Insurance and Medicaid Acceptance

One feature that separates Twenty-Eight Health from cash-only competitors is its Medicaid acceptance in multiple states. Medicaid-billed reproductive telehealth services must comply with state parity laws and CMS prescribing standards, which creates an additional compliance layer beyond what purely cash-pay platforms face. CMS guidance on telehealth services for reproductive health is publicly available. [2]

Prescribing Data: What Is Publicly Available?

Concrete prescribing volume and outcomes data for Twenty-Eight Health are not in any published peer-reviewed journal as of this review's date. The company has not published a transparency report or outcomes summary in the public domain. This is not unique to Twenty-Eight Health. Most direct-to-consumer telehealth brands in the reproductive space have not released granular prescribing statistics.

What Published Contraception Literature Tells Us

Because Twenty-Eight Health prescribes primarily combined oral contraceptives (COCs), progestin-only pills (POPs), the contraceptive patch (norelgestromin/ethinyl estradiol), and the vaginal ring (etonogestrel/ethinyl estradiol), the relevant efficacy and safety benchmarks come from these drug classes.

The FDA-approved labeling for combined oral contraceptives cites a typical-use failure rate of approximately 9% per year and a perfect-use failure rate of 0.3% per year. [3] These numbers apply regardless of whether the prescription originated from an in-person visit or a telehealth platform. Prescribing method does not alter pharmacology.

A prospective cohort study published in Obstetrics and Gynecology (N = 1,279, 12-month follow-up) found that patients who received contraceptive prescriptions via telehealth filled their prescriptions at a rate 14 percentage points higher than matched controls who received prescriptions from in-person visits, suggesting telehealth may improve medication adherence initiation. [4]

Gaps in the Evidence

No randomized controlled trial has specifically evaluated Twenty-Eight Health's clinical protocols against a comparator. The absence of published outcomes data means any claim that the platform produces better or worse health outcomes than its peers is speculative. Patients and clinicians should treat the platform's own marketing claims about access improvement with appropriate skepticism until peer-reviewed data are available.

The table below organizes what can and cannot be verified about Twenty-Eight Health's prescribing practices using publicly available sources.

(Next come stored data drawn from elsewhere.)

(* Let $\mathfrak{H}$ be a fat Hoffman graph with $\lambda_{\min}(\mathfrak{H})>-3$. Then $\lambda_{\min}(\mathcal{S}(\mathfrak{H}))\ge\lambda_{\min}(\mathfrak{H})+1$.
   Context: A Hoffman graph $\mathfrak{H}$ is a finite simple graph $H$ together with a labeling of each vertex as slim or fat, such that every fat vertex is adjacent to at least one slim vertex and the fat vertices are pairwise non-adjacent. $V^s(\mathfrak{H})$ denotes the set of slim vertices and $N^f_{\mathfrak{H}}(x)$ the set of fat neighbours of $x$. $\mathfrak{H}$ is fat if every slim vertex has at least one fat neighbour. Writing the adjacency matrix of $H$ with fat vertices last as $\begin{pmatrix}A_s & C\\ C^T & O\end{pmatrix}$, set $B(\mathfrak{H})=A_s-CC^T$; $\lambda_{\min}(\mathfrak{H})$ is the smallest eigenvalue of $B(\mathfrak{H})$. An edge-signed graph is a simple graph each of whose edges is labelled $+$ or $-$; its signed adjacency matrix $M(\mathcal{S})$ has entries $1$ for $(+)$-edges, $-1$ for $(-)$-edges, $0$ otherwise, and $\lambda_{\min}(\mathcal{S})$ is its smallest eigenvalue. The special graph $\mathcal{S}(\mathfrak{H})$ is the edge-signed graph with vertex set $V^s(\mathfrak{H})$ in which distinct $u,v$ are joined by a $(+)$-edge iff $u,v$ are adjacent in $\mathfrak{H}$ and have no common fat neighbour, by a $(-)$-edge iff $u,v$ are non-adjacent in $\mathfrak{H}$ and have a common fat neighbour, and are not joined otherwise. *)

From HB Require Import structures.
From mathcomp Require Import all_boot all_order all_algebra.
Set Implicit Arguments. Unset Strict Implicit. Unset Printing Implicit Defensive.
Import Order.TTheory GRing.Theory Num.Theory.
Local Open Scope ring_scope.

(* A Hoffman graph with n slim vertices 'I_n and m fat vertices 'I_m.
   [adj] is the adjacency relation among slim vertices, [c i j] says slim
   vertex i is adjacent to fat vertex j.  Fat vertices are pairwise
   non-adjacent by construction of this representation. *)
Definition hoffman_graph (n m : nat) (adj : rel 'I_n) (c : 'I_n -> 'I_m -> bool) : Prop :=
  [/\ forall i, ~~ adj i i,
      forall i j, adj i j = adj j i &
      forall f : 'I_m, exists i : 'I_n, c i f].

Definition fat_hoffman_graph n m (adj : rel 'I_n) (c : 'I_n -> 'I_m -> bool) : Prop :=
  @hoffman_graph n m adj c /\ forall i : 'I_n, exists f : 'I_m, c i f.

Definition slim_adj_mx (R : nzRingType) n (adj : rel 'I_n) : 'M[R]_n :=
  \matrix_(i, j) (adj i j)%:R.
Definition fat_inc_mx (R : nzRingType) n m (c : 'I_n -> 'I_m -> bool) : 'M[R]_(n, m) :=
  \matrix_(i, j) (c i j)%:R.
Definition hoffman_B (R : comNzRingType) n m (adj : rel 'I_n) (c : 'I_n -> 'I_m -> bool) : 'M[R]_n :=
  slim_adj_mx R adj - fat_inc_mx R c *m (fat_inc_mx R c)^T.

Definition common_fat n m (c : 'I_n -> 'I_m -> bool) (u v : 'I_n) : bool :=
  [exists f : 'I_m, c u f && c v f].

Definition special_signed_mx (R : nzRingType) n m (adj : rel 'I_n) (c : 'I_n -> 'I_m -> bool) : 'M[R]_n :=
  \matrix_(u, v)
    (if u == v then 0
     else if adj u v && ~~ common_fat c u v then 1
     else if ~~ adj u v && common_fat c u v then -1
     else 0).

Definition is_min_eigenvalue (R : numFieldType) n (A : 'M[R]_n) (lam : R) : Prop :=
  eigenvalue A lam /\ forall mu, eigenvalue A mu -> lam <= mu.

From HB Require Import structures.
From mathcomp Require Import all_boot all_order all_algebra.
From mathcomp Require Import spectral sesquilinear complex.
From mathcomp Require Import ring lra.
Set Implicit Arguments. Unset Strict Implicit. Unset Printing Implicit Defensive.
Import Order.TTheory GRing.Theory Num.Theory.
Local Open Scope ring_scope.

(* Let B = A_s - C C^T and let M be the signed adjacency matrix of the special
   graph.  Write t(u,w) for the number of common fat neighbours of the slim
   vertices u, w, so that B u w = adj u w - t(u,w).
   1. Rayleigh bound: for a real symmetric matrix whose eigenvalues are all at
      least lam, x B x^T >= lam * x x^T; we obtain it by complexifying B and
      using the unitary diagonalisation of normal matrices (spectral.v).
   2. Testing the bound at a unit vector gives lam <= B u u = -t(u,u), so
      lam > -3 forces every slim vertex to have at most 2 fat neighbours; by
      fatness it has at least one.
   3. Under these degree bounds, a case analysis on t(u,w) in {0,1,2} shows
      2 (M - B - I) = sum over ordered pairs f <> g of fat vertices of r r^T,
      where r is the indicator of the slim vertices adjacent to both f and g;
      in particular M - B - I is positive semidefinite.
   4. For an eigenvector v of M with eigenvalue mu,
      mu |v|^2 = v M v^T >= v B v^T + |v|^2 >= (lam + 1) |v|^2. *)


Definition qform (R : comNzRingType) n (A : 'M[R]_n) (v : 'rV[R]_n) : R :=
  (v *m A *m v^T) 0 0.

Section QuadraticForm.
Variables (R : comNzRingType) (n : nat).
Implicit Types (A : 'M[R]_n) (v : 'rV[R]_n).

Lemma qformB A1 A2 v : qform (A1 - A2) v = qform A1 v - qform A2 v.
Proof. by rewrite /qform mulmxBr mulmxBl !mxE. Qed.

Lemma qformZ a A v : qform (a *: A) v = a * qform A v.
Proof. by rewrite /qform -scalemxAr -scalemxAl mxE. Qed.

Lemma qform_sum (I : finType) (A : I -> 'M[R]_n) v :
  qform (\sum_i A i) v = \sum_i qform (A i) v.
Proof. by rewrite /qform mulmx_sumr mulmx_suml summxE. Qed.

Lemma qform_delta A u : qform A (delta_mx 0 u) = A u u.
Proof. by rewrite /qform -rowE trmx_delta -colE !mxE. Qed.

Lemma qform_eigen A v mu : v *m A = mu *: v -> qform A v = mu * qform 1%:M v.
Proof. by move=> eig; rewrite /qform mulmx1 eig -scalemxAl mxE. Qed.

End QuadraticForm.

Section QuadraticFormSign.
Variables (R : realDomainType) (n : nat).

Lemma qform_gram_ge0 (w v : 'rV[R]_n) : 0 <= qform (w^T *m w) v.
Proof.
rewrite /qform !mulmxA -(mulmxA (v *m w^T)) -[w *m v^T]trmxK trmx_mul trmxK.
by rewrite mxE big_ord1 [X in _ * X]mxE -expr2 sqr_ge0.
Qed.

Lemma qform_gram_sum_ge0 (I : finType) (a : I -> R) (w : I -> 'rV[R]_n) v :
  (forall i, 0 <= a i) -> 0 <= qform (\sum_i a i *: ((w i)^T *m w i)) v.
Proof.
move=> a_ge0; rewrite qform_sum; apply: sumr_ge0 => i _.
by rewrite qformZ mulr_ge0 ?qform_gram_ge0.
Qed.

Lemma qform1_gt0 (v : 'rV[R]_n) : v != 0 -> 0 < qform 1%:M v.
Proof.
move=> v0; rewrite /qform mulmx1 mxE.
have sq_ge0 j : 0 <= v 0 j * v^T j 0 by rewrite mxE -expr2 sqr_ge0.
rewrite lt_def sumr_ge0 ?andbT; last by move=> j _; apply: sq_ge0.
rewrite psumr_eq0; last by move=> j _; apply: sq_ge0.
apply: contra v0 => /allP v_sq0; apply/eqP/rowP => j.
by have := v_sq0 j (mem_index_enum j); rewrite /= mxE mulf_eq0 orbb => /eqP ->; rewrite mxE.
Qed.

End QuadraticFormSign.

Section SpectralBound.
Local Open Scope sesquilinear_scope.
Variable R : rcfType.
Local Notation C := (R[i] : numClosedFieldType).
Local Notation toC := (real_complex R).

Lemma conj_real_complex (a : R) : (toC a)^* = toC a.
Proof.
apply/conj_Creal; rewrite realE.
by have := num_real a; rewrite realE -(rmorph0 toC) !lecR.
Qed.

Lemma Creal_real_complex (z : C) : z \is Num.real -> z = toC (complex.Re z).
Proof.
by rewrite realE !lecE; case: z => a b /= /orP[]/andP[/eqP b0 _]; [rewrite b0 | rewrite -b0].
Qed.

(* The diagonal of the unitary diagonalisation of a normal matrix consists
   of eigenvalues: the rows of the unitary matrix are eigenvectors. *)
Lemma spectral_diag_eigenvalue n (A : 'M[C]_n) j :
  A \is normalmx -> eigenvalue A (spectral_diag A 0 j).
Proof.
move=> /orthomx_spectralP eqA.
set P := spectralmx A in eqA; set d := spectral_diag A in eqA *.
have PU : P \is unitarymx := spectral_unitarymx A.
apply/eigenvalueP; exists (row j P).
  rewrite -row_mul; have -> : P *m A = diag_mx d *m P.
    by rewrite [in LHS]eqA !mulmxA mulmxV ?spectral_unit // mul1mx.
  by rewrite mul_diag_mx; apply/rowP => k; rewrite !mxE.
apply/eqP => row0.
have : (row j P *m P^t*) 0 j = 1 by rewrite -row_mul mxE (unitarymxP PU) mxE eqxx.
by rewrite row0 mul0mx mxE => /eqP; rewrite eq_sym oner_eq0.
Qed.

Lemma complexify_hermsym n (B : 'M[R]_n) :
  B^T = B -> map_mx toC B \is hermsymmx.
Proof.
move=> symB; apply: realsym_hermsym.
  apply/is_hermitianmxP; rewrite expr0 scale1r map_mx_id //.
  by rewrite map_trmx symB.
by apply/mxOverP => i j; rewrite mxE; apply/CrealP; rewrite conj_real_complex.
Qed.

(* The diagonalised complexification of a real symmetric matrix has real
   diagonal entries, which are eigenvalues of the real matrix, hence are
   bounded below by any lower bound of its real eigenvalues. *)
Lemma realsym_spectral_diag_ge n (B : 'M[R]_n) (lam : R) : B^T = B ->
  (forall mu, eigenvalue B mu -> lam <= mu) ->
  forall j, toC lam <= spectral_diag (map_mx toC B) 0 j.
Proof.
move=> symB lam_min j; have hermB := complexify_hermsym symB.
have dreal := mxOverP (hermitian_spectral_diag_real hermB) 0 j.
set d := spectral_diag _ 0 j in dreal *.
rewrite (Creal_real_complex dreal) lecR; apply: lam_min.
have := spectral_diag_eigenvalue j (hermitian_normalmx hermB).
rewrite -/d (Creal_real_complex dreal) !eigenvalue_root_char.
by rewrite -map_char_poly fmorph_root.
Qed.

(* Rayleigh bound: in the eigenbasis, x B x^T is a convex-type combination
   sum_j d_j |y_j|^2 with all d_j >= lam and sum_j |y_j|^2 = |x|^2. *)
Lemma rayleigh n (B : 'M[R]_n) (lam : R) : B^T = B ->
  (forall mu, eigenvalue B mu -> lam <= mu) ->
  forall x : 'rV[R]_n, lam * qform 1%:M x <= qform B x.
Proof.
move=> symB lam_min x.
have /orthomx_spectralP eqB := hermitian_normalmx (complexify_hermsym symB).
set Bc := map_mx toC B in eqB *.
set P := spectralmx Bc in eqB; set d := spectral_diag Bc in eqB.
have PU : P \is unitarymx := spectral_unitarymx Bc.
pose xc := map_mx toC x; pose y := xc *m P^t*.
have xcT : xc^t* = map_mx toC x^T.
  by apply/matrixP => i j; rewrite !mxE conj_real_complex.
have yT : y^t* = P *m xc^t* by rewrite /y trmx_mul map_mxM trmxCK.
have qB : toC (qform B x) = (y *m diag_mx d *m y^t*) 0 0.
  have -> : y *m diag_mx d *m y^t* = xc *m Bc *m xc^t*.
    by rewrite yT eqB invmx_unitary // /y !mulmxA.
  by rewrite xcT -!map_mxM [in RHS]mxE.
have q1 : toC (qform 1%:M x) = (y *m y^t*) 0 0.
  have -> : y *m y^t* = xc *m xc^t*.
    have PtP : P^t* *m P = 1%:M by rewrite -invmx_unitary // mulVmx ?spectral_unit.
    by rewrite yT /y mulmxA -(mulmxA xc) PtP mulmx1.
  by rewrite /qform mulmx1 xcT -map_mxM [in RHS]mxE.
have toCM : toC (lam * qform 1%:M x) = toC lam * toC (qform 1%:M x).
  exact: rmorphM.
clearbody y; rewrite -lecR toCM qB q1 !mxE mulr_sumr; apply: ler_sum => j _.
rewrite mul_mx_diag !mxE [y 0 j * d 0 j]mulrC -mulrA ler_wpM2r ?mul_conjC_ge0 //.
exact: realsym_spectral_diag_ge.
Qed.

End SpectralBound.

Section HoffmanMatrices.
Variables (R : comNzRingType) (n m : nat).
Variables (adj : rel 'I_n) (c : 'I_n -> 'I_m -> bool).

Definition common_fat_count (u w : 'I_n) : nat := (\sum_f (c u f && c w f))%N.

Lemma hoffman_BE u w :
  hoffman_B R adj c u w = (adj u w)%:R - (common_fat_count u w)%:R.
Proof.
rewrite /hoffman_B !mxE natr_sum; congr (_ - _); apply: eq_bigr => f _.
by rewrite !mxE -natrM mulnb.
Qed.

Lemma common_fat_countC u w : common_fat_count u w = common_fat_count w u.
Proof. by apply: eq_bigr => f _; rewrite andbC. Qed.

Lemma hoffman_B_sym : (forall u w, adj u w = adj w u) ->
  (hoffman_B R adj c)^T = hoffman_B R adj c.
Proof.
by move=> adjC; apply/matrixP => u w; rewrite mxE !hoffman_BE adjC common_fat_countC.
Qed.

Lemma common_fatE u w : common_fat c u w = (0 < common_fat_count u w)%N.
Proof.
rewrite lt0n sum_nat_eq0 negb_forall; apply: eq_existsb => f.
by case: (c u f && c w f).
Qed.

Lemma common_fat_count_le u w : (common_fat_count u w <= common_fat_count u u)%N.
Proof. by apply: leq_sum => f _; rewrite andbb; case: (c u f); case: (c w f). Qed.

Definition fat_pair_row (f g : 'I_m) : 'rV[R]_n := \row_u (c u f && c u g)%:R.

Definition fat_pair_gram : 'M[R]_n :=
  \sum_f \sum_g (f != g)%:R *: ((fat_pair_row f g)^T *m fat_pair_row f g).

(* Entry (u, w) counts ordered pairs of distinct common fat neighbours. *)
Lemma fat_pair_gramE u w : let t := (common_fat_count u w)%:R in
  fat_pair_gram u w = t * t - t.
Proof.
have bb (x : bool) : x%:R * x%:R = x%:R :> R by case: x; rewrite ?mulr0 ?mulr1.
rewrite /= /common_fat_count natr_sum mulr_suml -sumrB summxE.
apply: eq_bigr => f _; rewrite summxE (bigD1 f) //= eqxx scale0r mxE add0r.
rewrite mulr_sumr [in RHS](bigD1 f) //= bb addrAC subrr add0r.
apply: eq_bigr => g neq_gf.
rewrite eq_sym neq_gf scale1r !mxE big_ord1 !mxE.
by case: (c u f); case: (c u g); case: (c w f); case: (c w g); rewrite /= ?mulr0 ?mul0r ?mulr1.
Qed.

(* When every fat degree is 1 or 2, 2 (M - B - I) is exactly this sum of Gram
   matrices; both sides are compared entrywise for t(u, w) in {0, 1, 2}. *)
Lemma special_signed_decomp : (forall u, ~~ adj u u) ->
  (forall u, 0 < common_fat_count u u <= 2)%N ->
  2 *: (special_signed_mx R adj c - hoffman_B R adj c - 1%:M) = fat_pair_gram.
Proof.
move=> adj_irr fat_deg; apply/matrixP => u w.
rewrite fat_pair_gramE /= 3!mxE [(- hoffman_B _ _ _) u w]mxE hoffman_BE !mxE common_fatE.
have /andP[deg_gt0 deg_le2] := fat_deg u.
case: eqVneq => [<-|_] /=.
  rewrite (negbTE (adj_irr u)).
  by move: deg_gt0 deg_le2; case: (common_fat_count u u) => [|[|[|k]]] //= _ _; ring.
move: (leq_trans (common_fat_count_le u w) deg_le2).
by case: (common_fat_count u w) => [|[|[|k]]] //= _; case: (adj u w) => /=; ring.
Qed.

End HoffmanMatrices.

(* Consequently M - B - I is positive semidefinite. *)
Lemma fat_pair_gram_psd (R : realDomainType) n m (c : 'I_n -> 'I_m -> bool)
    (v : 'rV[R]_n) :
  0 <= qform (fat_pair_gram R c) v.
Proof. by rewrite /fat_pair_gram pair_bigA qform_gram_sum_ge0. Qed.

Lemma special_signed_qform_ge (R : realDomainType) n m (adj : rel 'I_n)
    (c : 'I_n -> 'I_m -> bool) (v : 'rV[R]_n) :
  (forall u, ~~ adj u u) -> (forall u, 0 < common_fat_count c u u <= 2)%N ->
  qform (hoffman_B R adj c) v + qform 1%:M v <= qform (special_signed_mx R adj c) v.
Proof.
move=> adj_irr fat_deg; have := fat_pair_gram_psd c v.
rewrite -(special_signed_decomp _ adj_irr fat_deg) qformZ pmulr_rge0 // !qformB.
by rewrite subr_ge0 lerBrDl addrC.
Qed.

(* The Rayleigh bound at a unit vector gives lam <= -t(u, u), so lam > -3
   bounds all fat degrees by 2. *)
Lemma fat_degree_le2 (R : rcfType) n m (adj : rel 'I_n)
    (c : 'I_n -> 'I_m -> bool) (lam : R) :
  (forall u w, adj u w = adj w u) -> (forall u, ~~ adj u u) ->
  (forall mu, eigenvalue (hoffman_B R adj c) mu -> lam <= mu) -> -3 < lam ->
  forall u, (common_fat_count c u u <= 2)%N.
Proof.
move=> adjC adj_irr lam_min lam_gt u.
have := rayleigh (hoffman_B_sym _ c adjC) lam_min (delta_mx 0 u).
rewrite !qform_delta hoffman_BE mxE eqxx (negbTE (adj_irr u)) mulr1 sub0r => lam_le.
by rewrite -ltnS -(ltr_nat R); lra.
Qed.

Theorem mainTheorem4 (R : rcfType) (n m : nat) (adj : rel 'I_n)
    (c : 'I_n -> 'I_m -> bool) (lam : R) :
  fat_hoffman_graph adj c ->
  is_min_eigenvalue (hoffman_B R adj c) lam ->
  -3 < lam ->
  forall mu : R, eigenvalue (special_signed_mx R adj c) mu -> lam + 1 <= mu.
Proof.
move=> [[adj_irr adjC _] fat] [_ lam_min] lam_gt mu /eigenvalueP [v eig v0].
have fat_deg u : (0 < common_fat_count c u u <= 2)%N.
  rewrite (fat_degree_le2 adjC adj_irr lam_min lam_gt) andbT.
  by have [f cuf] := fat u; rewrite /common_fat_count (bigD1 f) //= andbb cuf.
have q1_gt0 := qform1_gt0 v0.
have := special_signed_qform_ge v adj_irr fat_deg; rewrite (qform_eigen eig) => sM.
have rB := rayleigh (hoffman_B_sym _ c adjC) lam_min v.
by rewrite -(ler_pM2r q1_gt0) mulrDl mul1r; lra.
Qed.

| Domain | Verifiable? | Source Type | |---|---|---| | Clinician licensure | Yes, per state medical board databases | State board lookup | | Drug classes offered | Yes, via platform disclosure | Platform/pharmacy records | | Prescribing volume | No | Not publicly released | | Adverse event rate | No | Not published | | Refill adherence rates | No | Not published | | Insurance billing compliance | Partial | CMS enrollment records | | Complaint history | Partial | BBB, state boards |

Is Twenty-Eight Health Legit?

Legitimacy for a telehealth platform has several distinct components: legal registration, prescriber licensure, pharmacy partner accreditation, and regulatory compliance. Each is worth examining separately.

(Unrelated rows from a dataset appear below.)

(* Suppose the data are generated from the uncontaminated causal invertible VARMA model $\phi_0(L)x_t=\theta_0(L)\varepsilon_t$. Let $H_T\subset\{1,\dots,T\}$ be a (possibly data-dependent) retained subset, let $\kappa\ge 0$ be an integer, and let $\hat\varphi_T(\cdot)$ be the minimiser over $\mathcal V$ of the residual-based criterion $f_T(\varphi,\cdot)$. Assume: (A1, local optimisation stability) there is an open set $\mathcal N\subset\mathcal V$ such that, with probability tending to one as $T\to\infty$: (i) there exists $\delta>0$ with $\inf_{\varphi\notin\mathcal N}f_T(\varphi,H_T)\ge\inf_{\varphi\in\mathcal N}f_T(\varphi,H_T)+\delta$; and (ii) for every $\varepsilon>0$ there exists $\eta_\varepsilon>0$ with $\inf_{\varphi\in\mathcal N,\ \|\varphi-\hat\varphi_T(H_T)\|\ge\varepsilon}f_T(\varphi,H_T)\ge f_T(\hat\varphi_T(H_T),H_T)+\eta_\varepsilon$; (A2, stability under patch removal) $\sup_{\varphi\in\mathcal V}|f_T(\varphi,H_T)-f_T(\varphi,S^\kappa H_T)|\to 0$ in probability. Then, with probability tending to one, on the same open set $\mathcal N$: (i) there exists $\delta'>0$ with $\inf_{\varphi\notin\mathcal N}f_T(\varphi,S^\kappa H_T)\ge\inf_{\varphi\in\mathcal N}f_T(\varphi,S^\kappa H_T)+\delta'$; (ii) for every $\varepsilon>0$ there exists $\eta'_\varepsilon>0$ with $\inf_{\varphi\in\mathcal N,\ \|\varphi-\hat\varphi_T(S^\kappa H_T)\|\ge\varepsilon}f_T(\varphi,S^\kappa H_T)\ge f_T(\hat\varphi_T(S^\kappa H_T),S^\kappa H_T)+\eta'_\varepsilon$. Furthermore, $$(K^\kappa\hat\varphi_T)(H_T)-\hat\varphi_T(H_T)\overset{p}{\longrightarrow}0.$$ If instead $\hat\varphi_T$ is a maximiser of the criterion, the same statement holds with every infimum replaced by a supremum and every inequality of the form ''$\ge\ \cdot+c$'' replaced by ''$\le\ \cdot-c$'', in both the hypotheses and the conclusions.
   Context: Setting: $\{x_t\}$ is a $d$-dimensional mean-zero process with $\phi_0(L)x_t=\theta_0(L)\varepsilon_t$ (VARMA$(p,q)$), $\varepsilon_t$ zero-mean innovations. The parameter space $\mathcal V$ consists of $\varphi=(\phi,\theta)$ for which the model is causal and invertible; $\varphi_0=(\phi_0,\theta_0)\in\mathcal V$. For $\varphi\in\mathcal V$, $e_t(\varphi)=\theta^{-1}(L)\phi(L)x_t$ is the residual, so $e_t(\varphi_0)=\varepsilon_t$. For a subset $H\subset\{1,\dots,T\}$, the sample criterion is $f_T(\varphi,H)=g_T(\{e_t(\varphi):t\in H\})$ for some function $g_T$ (it depends on $\varphi$ only through these residuals), and $\hat\varphi_T(H)$ denotes an exact optimiser of $f_T(\cdot,H)$ over $\mathcal V$. Patch removal: with $H_T^c=\{1,\dots,T\}\setminus H_T$, $S^\kappa H_T=H_T\setminus\bigcup_{t\in H_T^c}\{t+1,\dots,\min(t+\kappa,T)\}$, and the patch removal operator acts on estimators by $(K^\kappa\hat\varphi_T)(H_T)=\hat\varphi_T(S^\kappa H_T)$. $\kappa$ may depend on $T$. *)

From HB Require Import structures.
From mathcomp Require Import all_boot all_order all_algebra.
From mathcomp Require Import all_classical all_reals all_analysis.
From mathcomp Require Import complex.
Import Order.TTheory GRing.Theory Num.Theory.
Import numFieldNormedType.Exports.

Legal and Regulatory Registration

Twenty-Eight Health operates as a registered business entity. Its prescribers are licensed in the states where they practice, which is the minimum legal requirement for prescribing controlled and non-controlled medications via telehealth under the Ryan Haight Online Pharmacy Consumer Protection Act and applicable state telehealth statutes. [5] Contraceptives are not controlled substances, so the Ryan Haight restrictions on in-person evaluations do not apply directly, but state prescribing standards still govern.

The FDA has not issued any warning letter to Twenty-Eight Health as of the date of this review. The FDA's warning letter database is publicly searchable. [6]

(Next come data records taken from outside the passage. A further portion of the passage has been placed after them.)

Lemma null_sum_le_null_mixture (theta : nat -> Th) (C : set (R * U)) :
  ((n%:R^-1)%:E * \sum_(i < n | `[< theta i = th0 >]) K (theta i) (nu i) C
     <= null_mixture K th0 n nu C)%E.
Proof.
apply: lee_wpmul2l; first by rewrite lee_fin invr_ge0.
rewrite [leRHS](bigID (fun i : 'I_n => `[< theta i = th0 >])) /=.
rewrite -[leLHS]adde0; apply: leeD; last by apply: sume_ge0 => i _.
by apply: lee_sum => i /asboolP ->.
Qed.

End null_mixture.

Theorem proposition5
  (R : realType) (dO : measure_display) (Om : measurableType dO) (P : probability Om R)
  (dU : measure_display) (U : measurableType dU) (Th V : Type)
  (K : Th -> V -> probability (R * U)%type R)
  (law_U_nu_only : forall (th th' : Th) (v : V) (B : set U), measurable B ->
     K th v ([set: R] `*` B) = K th' v ([set: R] `*` B))
  (th0 : Th) (n : nat) (n_gt0 : (0 < n)%N)
  (theta : nat -> Th) (nu : nat -> V) (X : nat -> Om -> (R * U)%type)
  (X_meas : forall i, (i < n)%N -> measurable_fun [set: Om] (X i))
  (X_indep : mutually_independent P n X)
  (X_law : forall i, (i < n)%N -> forall A : set (R * U)%type, measurable A ->
     P (X i @^-1` A) = K (theta i) (nu i) A)
  (assumption1 : exists kappa : V -> U -> probability R R,
     forall v : V, is_cond_law (K th0 v : {measure set (R * U)%type -> \bar R}) (kappa v) /\
       forall u : U, kappa v u `<< (@lebesgue_measure R))
  (q : U -> probability R R)
  (hq : is_cond_law (null_mixture K th0 n nu) q) :
  (ereal_sup [set maxe ((n%:R^-1)%:E *
        (\sum_(i < n | `[< theta i = th0 >])
           P [set w | (Por q (X i w).1 (X i w).2 <= alpha)%R]) - alpha%:E) 0
     | alpha in `[0%R, 1%R]] <= 0)%E.
Proof.
apply: ge_ereal_sup => _ [a a01 <-].
have a0 : 0 <= a by move: a01 => /= /[1!in_itv] /andP[].
rewrite ge_max lexx andbT sube_le0.
set C := [set x : R * U | Por q x.1 x.2 <= a].
have mC : measurable C by exact: measurable_Por_le hq.1 a.
have -> : \sum_(i < n | `[< theta i = th0 >]) P [set w | Por q (X i w).1 (X i w).2 <= a] =
    \sum_(i < n | `[< theta i = th0 >]) K (theta i) (nu i) C.
  by apply: eq_bigr => i _; exact: X_law.
apply: le_trans (null_sum_le_null_mixture K th0 n nu theta C) _.
exact: cond_law_Por_le hq (null_mixture_setT K th0 nu n_gt0) a0.
Qed.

LegitScript and Pharmacy Partner Verification

LegitScript is an independent certification body that evaluates online pharmacies and telehealth prescribers against legal and safety standards. Twenty-Eight Health does not appear on LegitScript's list of "Not Recommended" or "Rogue" online pharmacies. [7] Absence from that list is not a positive certification, but it is a meaningful absence.

The platform routes prescriptions to licensed mail-order pharmacy partners. Pharmacy accreditation can be verified through the National Association of Boards of Pharmacy (NABP) database, though HealthRX has not independently audited each partner pharmacy in this review.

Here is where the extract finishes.